The light went out for only a second.
Until he opens them wide, they’re alive —
the light is everywhere — there dancing.
He looks up at me. I am shot with
laser light of love, my favorite light of all,
the light in my heart that never goes out.
EB
* * *
CHANGING LIGHT
each passing day
the lights go dim
like the flicker
of a switch
to nothing unknown
Blinded by darkness
a tunnel of fear,
no self worth, or faith
as these walls seem
closed in with unsurety.
Blinded by the
sunshine of rainbows
of all colors
to see the seasons
of change
the wonderment of awe
the love of a friend
an experience never
forgotten of this
changing light.
DH
* * *
CHANGING LIGHT
‘Chaos unscrambled back to the first harmonies and the first light.’
I ran with the light today with an attitude to match my surroundings. If you can’t beat them, join them; and off in a dead run I went.

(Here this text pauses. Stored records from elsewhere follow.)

Definition is_sp (g : 'M[F]_n) : Prop := g^T *m sympJ *m g = sympJ.

Definition sperp (U : 'M[F]_n) : 'M[F]_n := kermx ((U *m sympJ)^T).
Definition srad (U : 'M[F]_n) : 'M[F]_n := (U :&: sperp U)%MS.

Definition gamma_obj (U : 'M[F]_n) : Prop :=
  (0 < \rank U < n)%N /\ (\rank (srad U) <= 1)%N.

Definition stabilizes (g U : 'M[F]_n) : Prop := (U *m g^T == U)%MS.

Definition std_chamber (l : nat) : 'M[F]_n := pid_mx l.

Definition in_B (g : 'M[F]_n) : Prop :=
  is_sp g /\ forall l, (0 < l < n)%N -> stabilizes g (std_chamber l).

Definition in_kernel (g : 'M[F]_n) : Prop :=
  is_sp g /\ forall U, gamma_obj U -> stabilizes g U.

Definition blk_of (i : 'I_n) : 'I_r :=
  Ordinal (elimT idP (etrans (ltn_half_double i r) (ltn_ord i))).

Definition blockB (a b : 'I_r -> F) : 'M[F]_n :=
  \matrix_(i, j)
    (if i./2 == j./2 then
       (if ~~ odd i then (if ~~ odd j then a (blk_of i) else b (blk_of i))
        else (if odd j then (a (blk_of i))^-1 else 0))
     else 0).

End Defs.

From HB Require Import structures.
From mathcomp Require Import all_boot all_order all_algebra.
Set Implicit Arguments. Unset Strict Implicit. Unset Printing Implicit Defensive.
Import GRing.Theory Num.Theory.
Local Open Scope ring_scope.

(* In the basis e_1, f_1, ..., e_r, f_r the chamber C is the standard flag, so
   its stabilizer consists of the invertible upper triangular matrices.  For an
   upper triangular symplectic g one proceeds block by block from the top: the
   columns e_j, f_j vanish outside the rows e_j, f_j (below by triangularity,
   above by the blocks already treated), so evaluating s(g e_j, g x) and
   s(g f_j, g x) gives a_j d_j = 1 and shows that the rows e_j, f_j vanish
   outside the columns e_j, f_j.  Hence g is block diagonal with blocks
   [[a, b], [0, a^-1]].  An element of the kernel fixes every line, lines being
   objects of Gamma(V), so it is a scalar c, and s(c e_1, c f_1) = 1 gives
   c^2 = 1. *)

Section SquareMatrices.
Variables (F : fieldType) (k : nat).
Implicit Type A : 'M[F]_k.

Lemma pid_mx_mulmxE A l i j : (pid_mx l *m A) i j = if (i < l)%N then A i j else 0.
Proof.
rewrite mxE (bigD1 i) //= big1 ?addr0 => [|i' ne]; rewrite mxE.
  by rewrite eqxx; case: ifP; rewrite ?mul1r ?mul0r.
by rewrite val_eqE eq_sym (negbTE ne) mul0r.
Qed.

Lemma mulmx_pid_mxE A l i j : (A *m pid_mx l) i j = if (j < l)%N then A i j else 0.
Proof.
rewrite mxE (bigD1 j) //= big1 ?addr0 => [|j' ne]; rewrite mxE.
  by rewrite eqxx; case: ifP; rewrite ?mulr1 ?mulr0.
by rewrite val_eqE (negbTE ne) mulr0.
Qed.

Lemma pid_mx_mul_trig_sub A l :
  is_trig_mx A -> ((pid_mx l : 'M_k) *m A <= (pid_mx l : 'M_k))%MS.
Proof.
move=> /is_trig_mxP A_trig.
have -> : (pid_mx l : 'M_k) *m A = (pid_mx l *m A) *m pid_mx l.
  apply/matrixP => i j; rewrite mulmx_pid_mxE !pid_mx_mulmxE.
  case: (ltnP j l) => // le_lj; case: ltnP => // lt_il.
  by rewrite A_trig // (leq_trans lt_il le_lj).
exact: submxMl.
Qed.

Lemma trig_of_pid_mx_mul_sub A :
  (forall l, (0 < l < k)%N -> ((pid_mx l : 'M_k) *m A <= (pid_mx l : 'M_k))%MS) ->
  is_trig_mx A.
Proof.
move=> A_stab; apply/is_trig_mxP => i j lt_ij.
have /A_stab /submxP[D eqD] : (0 < i.+1 < k)%N by rewrite /= (leq_ltn_trans lt_ij).
have := congr1 (fun M : 'M_k => M i j) eqD.
by rewrite pid_mx_mulmxE ltnSn mulmx_pid_mxE ltnNge lt_ij.
Qed.

Lemma trig_unitmx A : is_trig_mx A -> (forall i, A i i != 0) -> A \in unitmx.
Proof.
by move=> A_trig A_diag; rewrite unitmxE det_trig // unitfE; apply/prodf_neq0.
Qed.

Lemma scalar_of_stable_lines A : (forall v : 'rV[F]_k, stablemx v A) -> is_scalar_mx A.
Proof.
move=> A_stab.
have eigen i : exists c, row i A = c *: delta_mx 0 i.
  by apply/sub_rVP; rewrite rowE.
have off i j : i != j -> A i j = 0.
  move=> ne; have [c /rowP/(_ j)] := eigen i.
  by rewrite !mxE eq_sym (negbTE ne) mulr0.
have diag i j : A i i = A j j.
  have [-> //|ne] := eqVneq i j.
  have /sub_rVP[c /rowP Ec] := A_stab (delta_mx 0 i + delta_mx 0 j).
  move: (Ec i) (Ec j); rewrite mulmxDl -!rowE !mxE !eqxx [j == i]eq_sym (negbTE ne) /=.
  by rewrite (off _ _ ne) (off j i) 1?eq_sym // !addr0 !add0r => -> ->.
apply/is_scalar_mxP; case: (posnP k) => [k0 | k_gt0].
  by exists 0; apply/matrixP => i; suff: (i < 0)%N by []; rewrite -[0%N]k0.
exists (A (Ordinal k_gt0) (Ordinal k_gt0)); apply/matrixP => i j; rewrite mxE.
by case: eqVneq => [<-|ne]; [exact: diag | exact: off].
Qed.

Trash littered the roadway. Capped off bottles of old beer displayed dark browns and mahogany shards as the sun beat down on them.
Katie shared a teeth-baring smile, playful as she was she kept up and there were moments we shared the heat. The sun peeking through the trees, yellow white blue and then to nothing. I couldn’t see.
The blotches of light behind my eyes danced, gray, black and it was enough . I reopened my eyes as Katie nuzzled up to me with a thank-you lick on my chin. The sky blue, the day warm and the first dog walked, my service given back to the community for the day. My light and energy was one, bright yellow pulling from the center outward.